Herbed Lamb Chops with Greek Couscous Salad Recipe

Herbed Lamb Chops with Greek Couscous Salad Recipe

  • 1 cup water
  • 1 tablespoon minced garlic
  • 1 tablespoon finely chopped fresh parsley
  • 1/4 teaspoon salt
  • 2 1/2 pounds lamb loin chops, trimmed of fat
  • 2 teaspoons extra-virgin olive oil
  • 1/2 cup whole wheat couscous
  • 2 medium tomatoes, chopped
  • 1 medium cucumber, peeled and chopped
  • 1/2 cup crumbled feta cheese
  • 3 tablespoons lemon juice
  • 2 tablespoons finely chopped fresh dill
  1. Put water on to boil in a medium saucepan.

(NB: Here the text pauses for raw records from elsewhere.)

(* Let $A\in\mathbb R^{m\times n}$, $W\in\mathbb R^{k\times n}$ and $\alpha>0$. For $y\in\mathbb R^m$ let $\hat x(y)\subset\mathbb R^n$ be the set of minimizers of $x\mapsto\|Ax-y\|_2^2+\alpha\|Wx\|_1$. Then the set-valued map $y\mapsto\hat x(y)$ is Hausdorff Lipschitz continuous: there exists $\kappa>0$ such that $$\hat x(\tilde y)\subset\hat x(y)+\kappa\|y-\tilde y\|_2\,B_1(0)\qquad\text{for all }y,\tilde y\in\mathbb R^m.$$
   Context: $B_1(0)$ denotes the closed Euclidean unit ball in $\mathbb R^n$; $\|\cdot\|_1$ and $\|\cdot\|_2$ denote the $\ell^1$- and Euclidean norms. *)

From HB Require Import structures.
From mathcomp Require Import all_boot all_order all_algebra.
From mathcomp Require Import reals.
Set Implicit Arguments. Unset Strict Implicit. Unset Printing Implicit Defensive.
Import Order.TTheory GRing.Theory Num.Theory.
Local Open Scope ring_scope.

Definition norm1 (R : realType) (p : nat) (v : 'cV[R]_p) : R :=
  \sum_(i < p) `|v i 0|.

Definition norm2 (R : realType) (p : nat) (v : 'cV[R]_p) : R :=
  Num.sqrt (\sum_(i < p) (v i 0) ^+ 2).

Definition objective (R : realType) (m n k : nat) (A : 'M[R]_(m, n))
  (W : 'M[R]_(k, n)) (alpha : R) (y : 'cV[R]_m) (x : 'cV[R]_n) : R :=
  norm2 (A *m x - y) ^+ 2 + alpha * norm1 (W *m x).

Definition minimizers (R : realType) (m n k : nat) (A : 'M[R]_(m, n))
  (W : 'M[R]_(k, n)) (alpha : R) (y : 'cV[R]_m) (x : 'cV[R]_n) : Prop :=
  forall z : 'cV[R]_n, objective A W alpha y x <= objective A W alpha y z.

From HB Require Import structures.
From mathcomp Require Import all_boot all_order all_algebra.
From mathcomp Require Import reals.
From mathcomp Require Import classical_sets ring lra.
Import Order.TTheory GRing.Theory Num.Theory.
Local Open Scope ring_scope.

Set Implicit Arguments. Unset Strict Implicit. Unset Printing Implicit Defensive.

(* The objective is strongly convex in [A x]: testing two minimizers [x], [x']
   for data [y], [y'] against the midpoint of [x] and [x'] gives
   [|A x - A x'| <= 2 |y - y'|].  Hence, if [xs] minimizes for [y], the
   minimizers for [y] form the polyhedron
   [{x | A x = A xs, ||W x||_1 <= ||W xs||_1}], a system of linear inequalities
   whose normals range over a fixed finite set.  A minimizer [xt] for [yt]
   violates this system by O(|y - yt|): its image is close to [A xs], and
   comparing [xt] with [xs + d], where [d] is a short vector with
   [A d = A (xt - xs)], bounds the excess of [||W xt||_1].  Hoffman's error
   bound, proved by Fourier-Motzkin elimination, then provides a minimizer for
   [y] within O(|y - yt|) of [xt].
   Hoffman's bound only assumes approximate feasibility, so it also yields the
   existence of minimizers: the images of a minimizing sequence converge to some
   [p], and the corresponding level polyhedron is approximately feasible. *)

Section Hoffman.
Variable R : realFieldType.
Local Notation vec n := 'cV[R]_n.
Section Teichmuller.
Variables (m : nat) (R : finComNzRingType) (F : finFieldType) (red : {rmorphism R -> F}).
Hypothesis m_gt0 : (0 < m)%N.
Hypothesis red_ker : forall X, red X = 0 <-> exists Y, X = Y *+ 2.
Hypothesis R4 : 4%:R = 0 :> R.
Variable beta : R.
Hypothesis beta_prim : (2 ^ m).-1.-primitive_root beta.

Let n := (2 ^ m).-1.

Let n_gt0 : (0 < n)%N.
Proof. by rewrite -ltnS prednK ?expn_gt0 // -{1}(expn0 2) ltn_exp2l. Qed.

Lemma red_prim_root : n.-primitive_root (red beta).
Proof.
have red_beta_n : red beta ^+ n = 1 by rewrite -rmorphXn prim_expr_order // rmorph1.
have [k red_k k_dvd_n] := prim_order_exists n_gt0 red_beta_n.
suff -> : n = k by [].
apply/eqP; rewrite eqn_dvd k_dvd_n andbT.
have : beta ^+ (k * 2) == 1.
  rewrite exprM (red_eq_sqr red_ker R4 (Y := 1)) ?expr1n //.
  by rewrite rmorphXn (prim_expr_order red_k) rmorph1.
by rewrite -(prim_order_dvd beta_prim) Gauss_dvdl ?coprimen2 ?odd_exp2_pred.
Qed.

Lemma red_beta_neq0 : red beta != 0.
Proof.
apply: contra_eq_neq (prim_expr_order red_prim_root) => ->.
by rewrite expr0n eqn0Ngt n_gt0 eq_sym oner_eq0.
Qed.

Definition teich_elt (o : option 'I_n) : R := if o is Some i then beta ^+ i else 0.

Lemma teichP (X : R) :
  reflect (exists o, X = teich_elt o) (X \in teich (2 ^ m) beta).
Proof.
apply: (iffP orP) => [[/eqP ->|/existsP [i /eqP ->]]|[[i|] ->]].
- by exists None.
- by exists (Some i).
- by right; apply/existsP; exists i.
- by left.
Qed.

Lemma red_teich_elt_inj : injective (red \o teich_elt).
Proof.
have rb0 := red_beta_neq0.
move=> [i|] [j|] //=; rewrite ?rmorphXn ?rmorph0 => /eqP.
- rewrite (eq_prim_root_expr red_prim_root) !modn_small // => /eqP ij.
  by congr Some; apply/val_inj.
- by rewrite expf_eq0 (negbTE rb0) andbF.
- by rewrite eq_sym expf_eq0 (negbTE rb0) andbF.
Qed.

Lemma teich_red_inj : {in teich (2 ^ m) beta &, injective red}.
Proof.
move=> _ _ /teichP [o ->] /teichP [o' ->] e.
by congr teich_elt; apply: red_teich_elt_inj.
Qed.

Lemma teich_red_onto (x : F) : (#|F| <= 2 ^ m)%N ->
  exists2 X, X \in teich (2 ^ m) beta & red X = x.
Proof.
move=> F_le; have /codomP [o ->] : x \in codom (red \o teich_elt).
  by apply: inj_card_onto red_teich_elt_inj _ _; rewrite card_option card_ord prednK ?expn_gt0.
by exists (teich_elt o) => //; apply/teichP; exists o.
Qed.

Lemma teich_exp2 (X : R) : X \in teich (2 ^ m) beta -> X ^+ (2 ^ m) = X.
Proof.
case/teichP => -[i|] -> /=; last by rewrite expr0n eqn0Ngt expn_gt0.
rewrite -exprM mulnC exprM -(prednK (expn_gt0 2 m)) exprS.
by rewrite (prim_expr_order beta_prim) mulr1.
Qed.

Lemma teich_sqrt (X : R) : X \in teich (2 ^ m) beta -> (X ^+ (2 ^ m.-1)) ^+ 2 = X.
Proof. by move=> X_teich; rewrite -exprM muln2 -mul2n -expnS prednK // teich_exp2. Qed.

Hypothesis red_ann2 : forall W, W *+ 2 = 0 -> red W = 0.

Lemma teich_sum_lift (X Y Z A B : R) :
  X \in teich (2 ^ m) beta -> Y \in teich (2 ^ m) beta ->
  Z \in teich (2 ^ m) beta -> A \in teich (2 ^ m) beta ->
  (X + Y + Z == - A + B *+ 2) =
  (red X + red Y + red Z == red A) &&
  (red X * red Y + red Y * red Z + red Z * red X == red A ^+ 2 + red B ^+ 2).
Proof.
move=> X_teich Y_teich Z_teich A_teich; have F2 := residue_pchar2 red_ker.
rewrite -{1}(teich_sqrt X_teich) -{1}(teich_sqrt Y_teich) -{1}(teich_sqrt Z_teich).
rewrite -{1}(teich_sqrt A_teich) (sum_sqr_lift red_ker R4 red_ann2).
rewrite -[in red X](teich_sqrt X_teich) -[in red Y](teich_sqrt Y_teich).
rewrite -[in red Z](teich_sqrt Z_teich) -[in red A](teich_sqrt A_teich) !rmorphXn.
by rewrite -!exprMn -!(sqrrD_pchar2 F2) !(sqrf_eq_pchar2 F2).
Qed.

Lemma card_teich_triples (A B : R) (d : F) :
  (#|F| <= 2 ^ m)%N -> A \in teich (2 ^ m) beta ->
  #|[set t : R * R * R |
     [&& t.1.1 \in teich (2 ^ m) beta, t.1.2 \in teich (2 ^ m) beta,
         t.2 \in teich (2 ^ m) beta, t.1.1 + t.1.2 + t.2 == - A + B *+ 2 &
         red t.1.1 ^+ 3 + red t.1.2 ^+ 3 + red t.2 ^+ 3 == red A ^+ 3 + red B ^+ 3 * d]]|
  = #|sym_system (red A) (red B) d|.
Proof.
move=> F_le A_teich; pose red3 (t : R * R * R) := (red t.1.1, red t.1.2, red t.2).
rewrite -(card_in_imset (f := red3)); last first.
  move=> [[X Y] Z] [[X' Y'] Z']; rewrite !inE /=.
  move=> /and5P [X_t Y_t Z_t _ _] /and5P [X'_t Y'_t Z'_t _ _] [eX eY eZ].
  by rewrite (teich_red_inj X_t X'_t eX) (teich_red_inj Y_t Y'_t eY) (teich_red_inj Z_t Z'_t eZ).
apply: eq_card => -[[x y] z]; apply/imsetP/idP => [[[[X Y] Z]]|].
  rewrite inE /= => /and5P [X_t Y_t Z_t sum_eq cube_eq] [-> -> ->].
  by move: sum_eq; rewrite teich_sum_lift // inE /= cube_eq andbT.
have [X X_t <-] := teich_red_onto x F_le.
have [Y Y_t <-] := teich_red_onto y F_le.
have [Z Z_t <-] := teich_red_onto z F_le.
rewrite inE /= => /and3P [sum_eq sym2_eq cube_eq].
by exists (X, Y, Z); rewrite // inE /= X_t Y_t Z_t teich_sum_lift // sum_eq sym2_eq cube_eq.
Qed.

End Teichmuller.

Theorem lemmaB8
  (m : nat) (hm : odd m)
  (f : {poly 'Z_4}) (hfmonic : f \is monic) (hfsize : size f = m.+1)
  (hfirr : irreducible_poly (map_poly z4_to_f2 f))
  (R : finComNzRingType)
  (phi : {rmorphism {poly 'Z_4} -> R})
  (phi_surj : forall X : R, exists p, phi p = X)
  (phi_ker : forall p, phi p = 0 <-> exists g, p = g * f)
  (F : finFieldType)
  (red : {rmorphism R -> F})
  (red_surj : forall x : F, exists X, red X = x)
  (red_ker : forall X, red X = 0 <-> exists Y, X = Y *+ 2)
  (beta : R) (hbeta : (2 ^ m).-1.-primitive_root beta)
  (A B : R) (hA : A \in teich (2 ^ m) beta) (hB : B \in teich (2 ^ m) beta)
  (hB0 : B != 0) (d : F) :
  let N := #|[set t : R * R * R |
               [&& t.1.1 \in teich (2 ^ m) beta,
                   t.1.2 \in teich (2 ^ m) beta,
                   t.2 \in teich (2 ^ m) beta,
                   t.1.1 + t.1.2 + t.2 == - A + B *+ 2 &
                   red t.1.1 ^+ 3 + red t.1.2 ^+ 3 + red t.2 ^+ 3
                     == red A ^+ 3 + red B ^+ 3 * d]]| in
  (d = 0 -> N = 3%N) /\
  (d \in Mset F 0 :|: Mset F 1 -> N = 0%N) /\
  (d \in Mset F 3 -> N = 6%N).
Proof.
move=> N.
have m_gt0 : (0 < m)%N by rewrite lt0n; apply: contraTneq hm => ->.
have R4 := presentation_char4 phi.
have red_ann2 W : W *+ 2 = 0 -> red W = 0.
  by move/(presentation_ann2 hfmonic phi_surj phi_ker)/red_ker.
have F_le := card_residue_le hfmonic phi_surj phi_ker hfsize red_surj red_ker.
have F2 := residue_pchar2 red_ker.
have redB0 : red B != 0.
  apply: contra hB0 => /eqP redB0; apply/eqP/(teich_red_inj m_gt0 red_ker R4 hbeta) => //.
  - by apply/orP; left.
  - by rewrite redB0 rmorph0.
rewrite /N (card_teich_triples m_gt0 red_ker R4 hbeta red_ann2) // (card_sym_system F2) //.
have card_Mset i : d \in Mset F i -> #|root_pairs d| = (i * i.-1)%N.
  by rewrite inE => /andP [d0 /eqP roots_d]; rewrite (card_root_pairs F2) // roots_d.
split; first by move->; rewrite (card_root_pairs0 F2).
by split=> [/setUP [] /card_Mset|/card_Mset].
Qed.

  2. Combine garlic, parsley and salt in a small bowl. Press the garlic mixture into both sides of lamb chops. Heat oil in a large nonstick skillet over medium-high heat. Add the lamb chops and cook to desired doneness, 5 to 6 minutes per side for medium. Keep warm.

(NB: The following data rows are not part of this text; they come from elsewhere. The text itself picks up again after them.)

Lemma cdot_eq0 w : cdot w w = 0 -> w = 0.
Proof.
rewrite /cdot mxE => h; apply/matrixP => i j; rewrite ord1 mxE.
have hp (l : 'I_k) : predT l -> 0 <= ctr w 0 l * w l 0.
  by rewrite ctr_mxE mulrC => _; exact: mul_conjC_ge0.
move: (psumr_eq0P hp h (i := i) isT) => /eqP.
by rewrite ctr_mxE mulrC mul_conjC_eq0 => /eqP.
Qed.

(* The reflection U = 1 - b^-1 w w^† with w = u - v and b = w^† u; the norm
   condition gives b + b^* = w^† w, which is exactly what makes U unitary. *)
Lemma unitary_transport u v : cdot u u = cdot v v ->
  exists U : 'M[C]_k, U *m ctr U = 1%:M /\ U *m u = v.
Proof.
move=> huv; set w := u - v.
have [w0|wn0] := eqVneq w 0.
  exists 1%:M; rewrite ctr1 mulmx1 mul1mx; split => //.
  by apply/eqP; rewrite -subr_eq0 -/w w0.
set b := cdot w u; set c := cdot w w.
have ebc : b + b^* = c.
  by rewrite /b /c cdotC /w !cdotBl !cdotBr huv; ring.
have c0 : c != 0 by apply: contra wn0 => /eqP /cdot_eq0 ->.
have b0 : b != 0 by apply: contra c0 => /eqP b0; rewrite -ebc b0 conjC0 addr0.
exists (1%:M - b^-1 *: (w *m ctr w)); split; last first.
  rewrite mulmxBl mul1mx -scalemxAl -mulmxA cdotE -/b mul_mx_scalar scalerA mulVf //.
  by rewrite scale1r /w opprB addrC subrK.
clearbody w; rewrite ctrB ctr1 ctrZ ctrM ctrK mulmxBl mul1mx mulmxBr mulmx1.
rewrite -!scalemxAl -!scalemxAr !mulmxA -[w *m ctr w *m w]mulmxA cdotE -/c.
rewrite mul_mx_scalar scalemxAl !scalerA -scalemxAl.
have bc0 : b^* != 0 by rewrite conjC_eq0.
have e : b^-1 * (b^-1^* * c) = b^-1^* + b^-1.
  by rewrite -ebc fmorphV; field; rewrite bc0 b0.
by rewrite scalerA e scalerDl opprB addrK subrK.
Qed.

  3. Meanwhile, stir couscous into the boiling water. Return to a boil, reduce heat to a low simmer, cover and cook for 2 minutes. Remove from the heat and let stand, covered, for 5 minutes; fluff with a fork. Transfer to a medium bowl. Add tomatoes, cucumber, feta, lemon juice and dill. Stir to combine. Serve the couscous with the lamb chops.